Biostatistics Journal Club: Missing Data Challenges in Electronic Health Records-Based Studies of COVID and Long COVID
Since the beginning of the COVID-19 pandemic, researchers have repeatedly turned to electronic health records (EHR) to rapidly answer complex questions about the short and long-term consequences of SARS-CoV-2 infection. However, because EHR are not collected for research purposes, observational studies using EHR are subject to various challenges and biases, including bias due to missing data. Standard missing data methods generally fail to address the complex nature of EHR data, particularly the interplay of numerous decisions by patients, physicians, and insurers that collectively determine whether “complete” data is observed. Tanayott Thaweethai, PhD, Massachusetts General Hospital, will discuss some statistical methods for handling bias due to missing data in the EHR setting, and conclude with an introduction to a semi-supervised learning technique for handling the “positive unlabeled” problem of phenotyping individuals based on the presence or absence of clinical codes.
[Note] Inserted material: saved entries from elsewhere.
Lemma result_iso H phi D : Result H phi D ->
  (forall v, In v (gV G) -> nmk H (phi v) = NGrey) -> iso H (bf_graph D).
Proof.
  intros S hgr.
  pose proof (res_inj S) as hinj.
  assert (hps : forall x, In x (gV H) ->
    In (inv_on (gV G) phi x) (gV G) /\ phi (inv_on (gV G) phi x) = x).
  { intros x hx. apply inv_on_spec. apply (res_cov S); auto. }
  assert (hfix : forall v, In v (gV G) -> anchored v -> inv_on (gV G) phi v = v).
  { intros v hv hav. rewrite <- (res_fix S v hv hav) at 1. apply inv_on_apply; auto. }
  exists (inv_on (gV G) phi), (fun e => e). simpl.
  split; [|split; [|split; [|split; [|split; [|split; [|split]]]]]].
  - intros x hx. apply (hps x hx).
  - intros x y hx hy h. destruct (hps x hx) as [_ h1]. destruct (hps y hy) as [_ h2]. congruence.
  - intros v hv. exists (phi v). split; [apply (res_in S); auto|apply inv_on_apply; auto].
  - intros e he. apply (res_E S); auto.
  - auto.
  - intros e he. exists e. split; auto. apply (res_E S); auto.
  - intros e he. apply (res_E S) in he.
    rewrite (res_src S), (res_tgt S), (res_elab S), (res_emk S); auto.
    unfold upd. destruct (Nat.eqb_spec e e0) as [->|_]; [contradiction|].
    rewrite hfix, hfix; auto using src_in_gV, tgt_in_gV, anchored_src, anchored_tgt.
  - intros x hx. destruct (hps x hx) as [hv <-]. rewrite inv_on_apply by auto.
    rewrite (res_lab S), (res_root S), hgr; auto.
Qed.
End Counter.
Definition NI_dual : {mpoly k[n]} -> Prop :=
  gen_ideal (fun p => exists S : {set 'I_n},
     minimal_prime NI (var_ideal S) /\ p = \prod_(j in S) 'X_j).

End Poly.

From HB Require Import structures.
From mathcomp Require Import all_boot all_order all_algebra.
From mathcomp Require Import mpoly zify.
From Stdlib Require Import Classical ClassicalEpsilon.

Set Implicit Arguments.
Unset Strict Implicit.
Unset Printing Implicit Defensive.
Import Order.TTheory GRing.Theory.
Local Open Scope ring_scope.

(* An ideal generated by variables, <x_j : j in S>, is prime: it is the
   kernel of the ring morphism killing the x_j, j in S.  It contains the
   monomial of a set A iff A meets S, so it contains NI(G) iff S is
   dominating.  A prime P containing NI(G) contains the variable ideal of the
   dominating set {j | x_j in P}; hence the minimal primes of NI(G) are the
   <S> with S minimal dominating.

   <S> has height |S|: adjoining the variables one at a time gives a chain of
   that length, and a longer chain, extended by the remaining variables,
   would have length > n.  The bound dim k[x_1..x_n] <= n is proved by
   counting: given primes P_0 < ... < P_L and f_i in P_(i+1) \ P_i of degree
   <= E, the products f_0^r_0 ... f_(L-1)^r_(L-1) with r_i <= M are linearly
   independent, so (M+1)^L of them fit in the polynomials of degree <= LME,
   which is impossible for L > n and M = (L(E+1))^n.

   Finally a prime containing NI(G)^v contains all the variables of some
   closed neighbourhood N[x]; otherwise the variables outside it would form a
   dominating set, whose minimal dominating subsets give monomials of
   NI(G)^v outside the prime. *)

Section IdealTheory.
Variable R : comNzRingType.
Implicit Types (I P Q S : R -> Prop) (a b r : R).
Lemma variation_eq0 A : M A -> (forall c, M c -> c `<=` A -> f c = 0) ->
  variation A = 0.
Proof.
move=> mA fA0; rewrite /variation !fA0 ?subr0 //; try by move=> t [].
  exact: MsetD.
exact: MsetI.
Qed.

Lemma variation_symdiff A B : M A -> M B -> N (symdiff A B) ->
  variation A = variation B.
Proof.
move=> mA mB nAB; rewrite /variation.
rewrite (fm_symdiff hf (MsetI mA mP) (MsetI mB mP)); last by apply: Nsub nAB _; set_tauto.
by rewrite (fm_symdiff hf (MsetD mA mP) (MsetD mB mP)) //; apply: Nsub nAB _; set_tauto.
Qed.

Lemma variation_nondecreasing_cvg (y : nat -> set X) : (forall n, M (y n)) ->
  (forall n, y n `<=` y n.+1) ->
  tends_to (fun n => variation (y n)) (variation (\bigcup_n y n)).
Proof.
move=> my yS e e0; have e2 : 0 < e / 2 by rewrite divr_gt0.
have [n1 cvgI] := fm_nondecreasing_cvg hf (fun n => MsetI (my n) mP)
  (fun n t yPt => conj (yS n t yPt.1) yPt.2) e2.
have [n2 cvgD] := fm_nondecreasing_cvg hf (fun n => MsetD (my n) mP)
  (fun n t yPt => conj (yS n t yPt.1) yPt.2) e2.
exists (maxn n1 n2) => n; rewrite geq_max => /andP[n1n n2n].
move: (cvgI n n1n) (cvgD n n2n); rewrite -setI_bigcupl -setD_bigcupl /variation.
rewrite !ltr_norml => /andP[? ?] /andP[? ?]; apply/andP; split; lra.
Qed.

End TotalVariation.

Record control_measure (m : set X -> R[i]) (rho : set X -> R) : Prop := ControlMeasure {
  control_ge0 : forall A, M A -> 0 <= rho A;
  control_setU : forall A B, M A -> M B -> A `&` B = set0 ->
    rho (A `|` B) = rho A + rho B;
  control_symdiff : forall A B, M A -> M B -> N (symdiff A B) -> rho A = rho B;
  control_dominates : forall c A, M c -> M A -> c `<=` A -> `|m c| <= (rho A)%:C;
  control_eq0 : forall A, M A -> (forall c, M c -> c `<=` A -> m c = 0) -> rho A = 0;
  control_nondecreasing_cvg : forall y : nat -> set X, (forall n, M (y n)) ->
    (forall n, y n `<=` y n.+1) -> tends_to (fun n => rho (y n)) (rho (\bigcup_n y n))
}.

(* The sum of the total variations of Re m and Im m. *)
Lemma control_measure_exists (m : set X -> R[i]) :
  finite_measure_fun m -> exists rho, control_measure m rho.
Proof.
move=> hm; have hRe := fm_Re hm; have hIm := fm_Im hm.
have [P1 mP1 [Re_ge0 Re_le0]] := fm_Hahn_decomposition hRe.
have [P2 mP2 [Im_ge0 Im_le0]] := fm_Hahn_decomposition hIm.
pose v1 := variation (fun A => complex.Re (m A)) P1.
pose v2 := variation (fun A => complex.Im (m A)) P2.
exists (fun A => v1 A + v2 A); split.
- by move=> A mA; rewrite addr_ge0 // variation_ge0.
- by move=> A B mA mB AB; rewrite /v1 /v2 !variation_setU //; ring.
- move=> A B mA mB nAB.
  rewrite /v1 /v2 (variation_symdiff hRe mP1 mA mB nAB).
  by rewrite (variation_symdiff hIm mP2 mA mB nAB).
- move=> c A mc mA cA; apply: le_trans (normc_le_ReIm _) _; rewrite lecR.
  apply: lerD.
    apply: le_trans (normr_le_variation hRe mP1 Re_ge0 Re_le0 mc) _.
    exact: variation_le.
  apply: le_trans (normr_le_variation hIm mP2 Im_ge0 Im_le0 mc) _.
  exact: variation_le.
- move=> A mA m0.
  by rewrite /v1 /v2 !variation_eq0 ?addr0 // => c mc cA; rewrite m0.
move=> y my yS e e0; have e2 : 0 < e / 2 by rewrite divr_gt0.
have [n1 cvg1] := variation_nondecreasing_cvg hRe mP1 my yS e2.
have [n2 cvg2] := variation_nondecreasing_cvg hIm mP2 my yS e2.
exists (maxn n1 n2) => n; rewrite geq_max => /andP[n1n n2n].
move: (cvg1 n n1n) (cvg2 n n2n); rewrite /v1 /v2.
rewrite !ltr_norml => /andP[? ?] /andP[? ?]; apply/andP; split; lra.
Qed.

(** * Exhaustion along directed families *)

Lemma directed_chain (I : set L) (xs : nat -> L) : directed I ->
  (forall n, I (xs n)) ->
  exists w : nat -> set X, [/\ forall n, M (w n), forall n, I (cl (w n)),
    forall n, w n `<=` w n.+1 & forall n, N (rep (xs n) `\` w n)].
Proof.
move=> [_ dirI] Ixs.
have : forall p : L * L, exists z, I p.1 -> I p.2 -> [/\ I z, le p.1 z & le p.2 z].
  move=> p; have [[Ip1 Ip2]|nIp] := pselect (I p.1 /\ I p.2).
    by have [z Iz] := dirI _ _ Ip1 Ip2; exists z.
  by exists p.1 => Ip1 Ip2; exfalso; apply: nIp.
move=> /choice[ub ubP].
pose w := fix w n :=
  if n is k.+1 then w k `|` rep (ub (cl (w k), xs k.+1)) else rep (xs 0).
have wP n : [/\ M (w n), I (cl (w n)) & N (rep (xs n) `\` w n)].
  elim: n => [|k [mwk Iwk nwk]] /=.
    by rewrite cl_rep; split; [apply: rep_M|apply: Ixs|apply: Nsub0; set_tauto].
  have [Iu wk_le_u xs_le_u] := ubP (cl (w k), xs k.+1) Iwk (Ixs k.+1).
  set u := ub _ in Iu wk_le_u xs_le_u *; have mu := rep_M u.
  have nwu : N (w k `\` rep u) by apply/le_cl_repP.
  have nxu : N (rep (xs k.+1) `\` rep u) by apply/mnleP.
  split; [exact: MsetU| |by apply: Nsub nxu _; set_tauto].
  rewrite (_ : cl _ = u) // -{2}(cl_rep u); apply/cl_eqP; [exact: MsetU|exact: mu|].
  by apply: Nsub nwu _; set_tauto.
exists w; split=> n; try by case: (wP n).
by move=> t wnt; left.
Qed.

Section Exhaustion.
Variable rho : set X -> R.
Hypothesis rho_ge0 : forall A, M A -> 0 <= rho A.
Hypothesis rho_setU : forall A B, M A -> M B -> A `&` B = set0 ->
  rho (A `|` B) = rho A + rho B.
Hypothesis rho_symdiff : forall A B, M A -> M B -> N (symdiff A B) -> rho A = rho B.

Lemma rho_setDU A B : M A -> M B -> rho (A `|` B) = rho A + rho (B `\` A).
Proof.
move=> mA mB; rewrite -rho_setU; [|by []|exact: MsetD|set_eq_tauto].
by congr rho; set_eq_tauto.
Qed.

Lemma rho_le A B : M A -> M B -> A `<=` B -> rho A <= rho B.
Proof.
move=> mA mB AB; rewrite -(setUidr AB) rho_setDU //.
by rewrite lerDl rho_ge0 //; apply: MsetD.
Qed.

Lemma rho_setD A B : M A -> M B -> B `<=` A -> rho (A `\` B) = rho A - rho B.
Proof.
by move=> mA mB BA; rewrite -{2}(setUidr BA) rho_setDU // addrC addKr.
Qed.

Lemma rho_setU_le A B : M A -> M B -> rho (A `|` B) <= rho A + rho B.
Proof.
move=> mA mB; rewrite rho_setDU // lerD2l.
by apply: rho_le (MsetD mB mA) mB _ => t [].
Qed.

(* Choose members of I on which rho (g `&` _) approaches its supremum and chain
   them; the remainder of g then carries no rho-mass inside any member of I. *)
Lemma directed_exhaustion (I : set L) g : directed I -> M g ->
  exists w : nat -> set X, [/\ forall n, M (w n), forall n, I (cl (w n)),
    forall n, w n `<=` w n.+1 &
    forall x, I x -> rho ((g `\` \bigcup_n w n) `&` rep x) = 0].
Proof.
move=> dirI mg; have [[x0 Ix0] _] := dirI.
pose S := [set rho (g `&` rep x) | x in I].
have supS : has_sup S.
  split; first by exists (rho (g `&` rep x0)), x0.
  exists (rho setT) => _ [x Ix <-].
  by apply: rho_le; [apply/MsetI/rep_M|apply: MsetT|].
have : forall n : nat, exists x, I x /\ sup S - n.+1%:R^-1 < rho (g `&` rep x).
  move=> n; have e0 : 0 < n.+1%:R^-1 :> R by rewrite invr_gt0 ltr0Sn.
  by have [_ [x Ix <-] ?] := sup_adherent e0 supS; exists x.
move=> /choice[xs xsP].
have [w [mw Iw wS nxsw]] := directed_chain dirI (fun n => (xsP n).1).
exists w; split => // x Ix.
set W := \bigcup_n w n; have mW : M W := Mbigcup mw.
have mR : M ((g `\` W) `&` rep x) by apply: MsetI; [apply: MsetD|apply: rep_M].
apply/eqP; rewrite eq_le rho_ge0 // andbT leNgt; apply/negP => d0.
have [n lt_d] := exists_invSn_lt d0.
have [_ dirI2] := dirI; have [z [Iz wn_le_z x_le_z]] := dirI2 _ _ (Iw n) Ix.
have mxn := rep_M (xs n); have mz := rep_M z.
pose A := g `&` rep (xs n) `&` w n.
have mA : M A by apply: MsetI => //; apply: MsetI.
have rhoA : rho A = rho (g `&` rep (xs n)).
  apply: rho_symdiff => //; first exact: MsetI.
  by apply: Nsub (nxsw n) _; rewrite /A; set_tauto.
have disjA : A `&` ((g `\` W) `&` rep x) = set0.
  by apply/seteqP; split => // t [[_ wnt] [[_ nWt] _]]; apply: nWt; exists n.
have nwz : N (w n `\` rep z) by apply/le_cl_repP.
have nxz : N (rep x `\` rep z) by apply/mnleP.
have rho_inside_z : rho (A `|` (g `\` W) `&` rep x) <= rho (g `&` rep z).
  rewrite (rho_symdiff (B := (A `|` (g `\` W) `&` rep x) `&` rep z)).
  - by apply: rho_le; [apply/MsetI/mz/MsetU|apply: MsetI|move=> t; rewrite /A /=; tauto].
  - exact: MsetU.
  - by apply/MsetI/mz/MsetU.
  by apply: Nsub_setU nwz nxz _ => t; rewrite /symdiff /A /=; tauto.
have : rho (g `&` rep z) <= sup S by apply: sup_upper_bound => //; exists z.
move: rho_inside_z (xsP n).2 lt_d; rewrite rho_setU // rhoA.
move: (n.+1%:R^-1) => i; lra.
Qed.

End Exhaustion.

(** * Continuous valuations give essential finite measures *)

Section ValuationSigmaAdditive.
Context {K : numFieldType} (D : set L) (g : L -> K).
Hypothesis D_down : forall x y, D y -> le x y -> D x.
Hypothesis g_valuation : valuation_on D g.
Hypothesis g_continuous : continuous_on D g.
Variables (F : nat -> set X).
Hypothesis mF : forall i, M (F i).
Hypothesis disjF : forall i j, i != j -> F i `&` F j = set0.

Local Notation B n := (\big[setU/set0]_(i < n) F i).

Lemma valuation_big_setU n : D (cl (B n)) -> g (cl (B n)) = \sum_(i < n) g (cl (F i)).
Proof.
case: g_valuation => g0 gD; elim: n => [|n IHn] DBn.
  by rewrite !big_ord0 g0 //; exact: is_bot_cl0.
have mBn := Mbig_setU n mF.
move: DBn; rewrite big_ord_recr /= => DBnFn.
have DBn : D (cl (B n)) by apply: D_down DBnFn _; apply: le_cl_sub; [|apply: MsetU|].
have DFn : D (cl (F n)) by apply: D_down DBnFn _; apply: le_cl_sub; [|apply: MsetU|].
have gBF := gD _ _ _ _ DBn DFn (is_lub_cl mBn (mF n)) (is_glb_cl mBn (mF n)).
have BF0 : B n `&` F n = set0.
  rewrite -bigcup_mkord; apply/seteqP; split => // t [[i /= ilt Fit] Fnt].
  have : (F i `&` F n) t by [].
  by rewrite disjF // neq_ltn ilt.
by rewrite big_ord_recr /= -IHn // gBF BF0 (g0 _ is_bot_cl0) addr0.
Qed.
(* Divided by t^d, the three terms of mean_sq behave like t^(-eps r),
   t^(c - d) and a constant, by the asymptotics of Gamma (t + x) / Gamma t. *)
Lemma mean_sq_scaled_cv :
  Un_cv (fun t => mean_sq t / Rpower (INR t) (1 + eps * r))
        (/ Gamma (1 + eps * r)
           * (1 / (r * (eps + r)) + r / ((eps + r) * (eps + r + eps * r)))).
Proof.
  fold d. set (K0 := 1 / (r * (eps + r)) + r / ((eps + r) * (eps + r + eps * r))).
  set (a := - / (r * (eps + r))).
  set (b := - r / ((eps + r) * (eps + r + eps * r) * Gamma c)).
  pose proof Gamma_c_neq0. pose proof Gamma_d_pos.
  replace (/ Gamma d * K0) with (a * 0 + b * (1 * 0) + / Gamma d * K0 * 1) by ring.
  apply CV_shift with 1%nat.
  apply Un_cv_ext with (fun n =>
      a * Rpower (INR (S n)) (- (eps * r))
    + b * (Gamma (INR (S n) + c) / Gamma (INR (S n)) / Rpower (INR (S n)) c
           * Rpower (INR (S n)) (- (eps + r + eps * r)))
    + / Gamma d * K0 * (Gamma (INR (S n) + d) / Gamma (INR (S n)) / Rpower (INR (S n)) d)).
  - intro n. rewrite Nat.add_1_r. unfold mean_sq. destruct (mean_sq_Gamma_shifts (S n)) as [-> ->].
    pose proof (Gamma_INR_pos (S n) ltac:(lia)).
    assert (Ht : 0 < INR (S n)) by (apply lt_0_INR; lia).
    set (t := INR (S n)) in *.
    assert (Ed : Rpower t d = t * Rpower t (eps * r))
      by (unfold d; rewrite Rpower_plus, Rpower_1; auto).
    assert (Ec : Rpower t c = Rpower t (- (eps + r + eps * r)) * Rpower t d)
      by (rewrite <- Rpower_plus; f_equal; unfold c, d; ring).
    assert (0 < Rpower t (eps * r)) by apply exp_pos.
    assert (0 < Rpower t (- (eps + r + eps * r))) by apply exp_pos.
    rewrite Rpower_Ropp, Ec, Ed. unfold a, b, K0. fold c d.
    field. repeat split; nra.
  - assert (0 < eps * r) by nra.
    apply CV_plus; [apply CV_plus|]; apply CV_mult; try apply is_lim_seq_Reals, is_lim_seq_const.
    + now apply Rpower_INR_neg_cv.
    + apply CV_mult; [apply Gamma_ratio_asymptotic; unfold c; lra|apply Rpower_INR_neg_cv; lra].
    + apply Gamma_ratio_asymptotic; unfold d; lra.
Qed.
Lemma approx_interpolate U x :
  (forall k, qm_open d (C k)) ->
  (forall x z, 0 < d x z -> exists k, C k x /\ ~ C k z) ->
  qm_open d U -> U x -> exists W, qm_open d W /\ W x /\ approx U W.
Proof.
  intros HCopen Hsep HU Ux.
  destruct (qm_open_ball_around X d Hqm U x HU Ux) as [dU [HdU HballU]].
  destruct (classic (exists k, C k x /\ ~ subset U (C k))) as [[k [Ckx HUk]] | Hnone].
  - destruct (qm_open_ball_around X d Hqm (C k) x (HCopen k) Ckx) as [dC [HdC HballC]].
    pose proof (pow_lt (1/2) k ltac:(lra)) as Hpow.
    set (e := Rmin dC (Rmin (dU / 2) ((1/2) ^ k))).
    assert (HeC : e <= dC) by apply Rmin_l.
    assert (HeU : e <= dU / 2)
      by (pose proof (Rmin_r dC (Rmin (dU / 2) ((1/2) ^ k))); pose proof (Rmin_l (dU / 2) ((1/2) ^ k)); unfold e; lra).
    assert (Hek : e <= (1/2) ^ k)
      by (pose proof (Rmin_r dC (Rmin (dU / 2) ((1/2) ^ k))); pose proof (Rmin_r (dU / 2) ((1/2) ^ k)); unfold e; lra).
    assert (He : 0 < e) by (unfold e; repeat apply Rmin_pos; lra).
    exists (qball d x e). split; [apply qm_open_ball|].
    split; [unfold qball; rewrite (d_refl X d Hqm); exact He|].
    exists x, e. split; [exact He|]. split; [intros z Hz; exact Hz|]. split.
    + intros z Hz. apply HballU. unfold qball in *. lra.
    + right. exists k. split; [split; [|exact HUk] | exact Hek].
      intros z Hz. apply HballC. unfold qball in *. lra.
  - assert (Hzero : subset U (fun z => d x z = 0)).
    { apply unseparated_distance_zero; [exact Hsep|].
      intros k Ckx. apply NNPP. intro HUk. apply Hnone. exists k. auto. }
    exists U. split; [exact HU|]. split; [exact Ux|].
    exists x, (dU / 2). split; [lra|]. split.
    + intros z Uz. unfold qball. rewrite (Hzero z Uz). lra.
    + split; [intros z Hz; apply HballU; unfold qball in *; lra | left; exact Hzero].
Qed.

Section Chain.
Variable Us : nat -> X -> Prop.
Variable Y : nat -> X.
Variable E : nat -> R.
Hypothesis Hchain : forall i, approx_at (Us i) (Us (S i)) (Y i) (E i).

Lemma chain_nested i j : (i <= j)%nat -> subset (Us j) (Us i).
Proof.
  intro Hij. induction Hij as [|j _ IH]; intros z Hz; [exact Hz|].
  apply IH. exact (approx_at_subset _ _ _ _ (Hchain j) z Hz).
Qed.

Lemma chain_centre_in i : Us i (Y i).
Proof.
  destruct (Hchain i) as [He [_ [HU _]]]. apply HU. unfold qball.
  rewrite (d_refl X d Hqm). lra.
Qed.

Lemma chain_split_unique i j k :
  splits k (Us i) (Us (S i)) -> splits k (Us j) (Us (S j)) -> i = j.
Proof.
  intros [Hi1 Hi2] [Hj1 Hj2].
  destruct (Nat.lt_trichotomy i j) as [Hlt | [Heq | Hgt]]; [exfalso | exact Heq | exfalso].
  - apply Hj2. intros z Hz. apply Hi1. apply (chain_nested (S i) j); [lia | exact Hz].
  - apply Hi2. intros z Hz. apply Hj1. apply (chain_nested (S j) i); [lia | exact Hz].
Qed.

Lemma chain_radius_small eps :
  0 < eps -> exists N, forall n, (N <= n)%nat -> subset (Us (S n)) (fun w => d (Y n) w <= eps).
Proof.
  intro Heps.
  destruct (pow_lt_1_zero (1/2) ltac:(rewrite Rabs_right; lra) eps Heps) as [M HM].
  destruct (eventually_avoids (fun i k => splits k (Us i) (Us (S i)))
              (fun i j k => chain_split_unique i j k) M) as [N HN].
  exists N. intros n Hn w Hw.
  destruct (Hchain n) as [_ [HV [_ [Hzero | [k [Hsplit Hek]]]]]].
  - rewrite (Hzero w Hw). lra.
  - assert (HMk : (M <= k)%nat).
    { destruct (Compare_dec.le_lt_dec M k) as [H | H]; [exact H | exfalso].
      exact (HN n Hn k H Hsplit). }
    specialize (HM k HMk). rewrite Rabs_right in HM by (apply Rle_ge, pow_le; lra).
    specialize (HV w Hw). unfold qball in HV. lra.
Qed.

Lemma chain_centres_cauchy : qm_cauchy d Y.
Proof.
  intros eps Heps. destruct (chain_radius_small eps Heps) as [N HN]. exists N.
  intros n p Hn Hnp. destruct (Nat.eq_dec n p) as [-> | Hne].
  - rewrite (d_refl X d Hqm). lra.
  - apply (HN n Hn). apply (chain_nested (S n) p); [lia | apply chain_centre_in].
Qed.

Section Limit.
Variable l : X.
Hypothesis Hlim : dhat_converges d Y l.

Lemma chain_limit_in i : Us i l.
Proof.
  destruct (Hchain i) as [He [HV [HU _]]]. apply HU. unfold qball.
  destruct (Hlim (E i) He) as [N HN].
  set (p := Nat.max N (S i)).
  assert (Hip : d (Y i) (Y p) < E i).
  { apply HV. apply (chain_nested (S i) p); [unfold p; lia | apply chain_centre_in]. }
  specialize (HN p ltac:(unfold p; lia)).
  pose proof (Rmax_l (d (Y p) l) (d l (Y p))).
  pose proof (d_tri X d Hqm (Y i) (Y p) l). lra.
Qed.

Lemma chain_limit_nbhd V : qm_open d V -> V l -> exists i, subset (Us i) V.
Proof.
  intros HV Vl.
  destruct (qm_open_ball_around X d Hqm V l HV Vl) as [delta [Hdelta Hball]].
  destruct (chain_radius_small (delta / 2) ltac:(lra)) as [N1 HN1].
  destruct (Hlim (delta / 2) ltac:(lra)) as [N2 HN2].
  set (n := Nat.max N1 N2).
  exists (S n). intros w Hw. apply Hball. unfold qball.
  specialize (HN1 n ltac:(unfold n; lia) w Hw).
  specialize (HN2 n ltac:(unfold n; lia)).
  pose proof (Rmax_r (d (Y n) l) (d l (Y n))).
  pose proof (d_tri X d Hqm l (Y n) w). lra.
Qed.

End Limit.
End Chain.

Lemma approx_chain_converges (Us : nat -> X -> Prop) :
  qm_complete d -> (forall i, approx (Us i) (Us (S i))) ->
  exists l, (forall i, Us i l) /\
            (forall V, qm_open d V -> V l -> exists i, subset (Us i) V).
Proof.
  intros Hcomplete Hll.
  destruct (functional_choice (fun i (p : X * R) => approx_at (Us i) (Us (S i)) (fst p) (snd p)))
    as [w Hw].
  { intro i. destruct (Hll i) as [y [e H]]. exists (y, e). exact H. }
  set (Y := fun i => fst (w i)). set (E := fun i => snd (w i)).
  destruct (Hcomplete Y (chain_centres_cauchy Us Y E Hw)) as [l Hl].
  exists l. split.
  - exact (chain_limit_in Us Y E Hw l Hl).
  - exact (chain_limit_nbhd Us Y E Hw l Hl).
Qed.

End Approximation.

Theorem theorem3p6 (X : Type) (open : (X -> Prop) -> Prop)
  (Htop : is_topology open) (Hqp : quasi_polish open) :
  convergent_approx_space open.
Proof.
  destruct Hqp as [[B0 [[HB0open HB0basis] [code Hcode]]] [d [Hqm [Hcomplete Hopen]]]].
  set (C := code_set X B0 code).
  assert (HCopen : forall k, qm_open d (C k)).
  { intro k. apply code_set_open. intros W BW. apply Hopen, HB0open, BW. }
  assert (HCsep : forall x z, 0 < d x z -> exists k, C k x /\ ~ C k z).
  { apply (code_set_separates X d Hqm B0 code); [|exact Hcode].
    intros U x HU Ux. apply HB0basis; [apply Hopen, HU | exact Ux]. }
  exists open, (approx X d C).
  split; [split; [auto | intros U x HU Ux; exists U; repeat split; auto; intros z Hz; exact Hz]|].
  split; [intros U V _ _; apply approx_subset|].
  split; [intros U V T _ _ _; apply approx_enlarge|].
  split.
  - intros U x HU Ux.
    destruct (approx_interpolate X d Hqm C U x HCopen HCsep (proj1 (Hopen U) HU) Ux)
      as [W [HW [Wx HUW]]].
    exists W. split; [apply Hopen, HW | auto].
  - intros Us HUs Hll.
    destruct (approx_chain_converges X d Hqm C Us Hcomplete Hll) as [l [Hin Hnbhd]].
    exists l. split; [exact Hin|]. split.
    + intro i. exists (Us i). repeat split; [apply HUs | apply Hin | intros z Hz; exact Hz].
    + intros V HV Vl. exact (Hnbhd V (proj1 (Hopen V) HV) Vl).
Qed.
Tanayott Thaweethai, PhD, is an instructor in investigation and the associate director of biostatistics research and engagement at Massachusetts General Hospital Biostatistics. He is also an instructor in medicine at Harvard Medical School. He is working on developing methods to improve the handling of missing data when conducting large observational studies using electronic health records. His research collaboration areas at Mass General include diabetes in pregnancy, clinical effectiveness of type 2 diabetes treatment, and several studies related to COVID-19. He is also lead biostatistician at the Data Resource Core for RECOVER, an NIH research initiative that seeks to understand post-acute sequelae of SARS-CoV-2 (PASC) and long COVID. He received his PhD in biostatistics from Harvard University.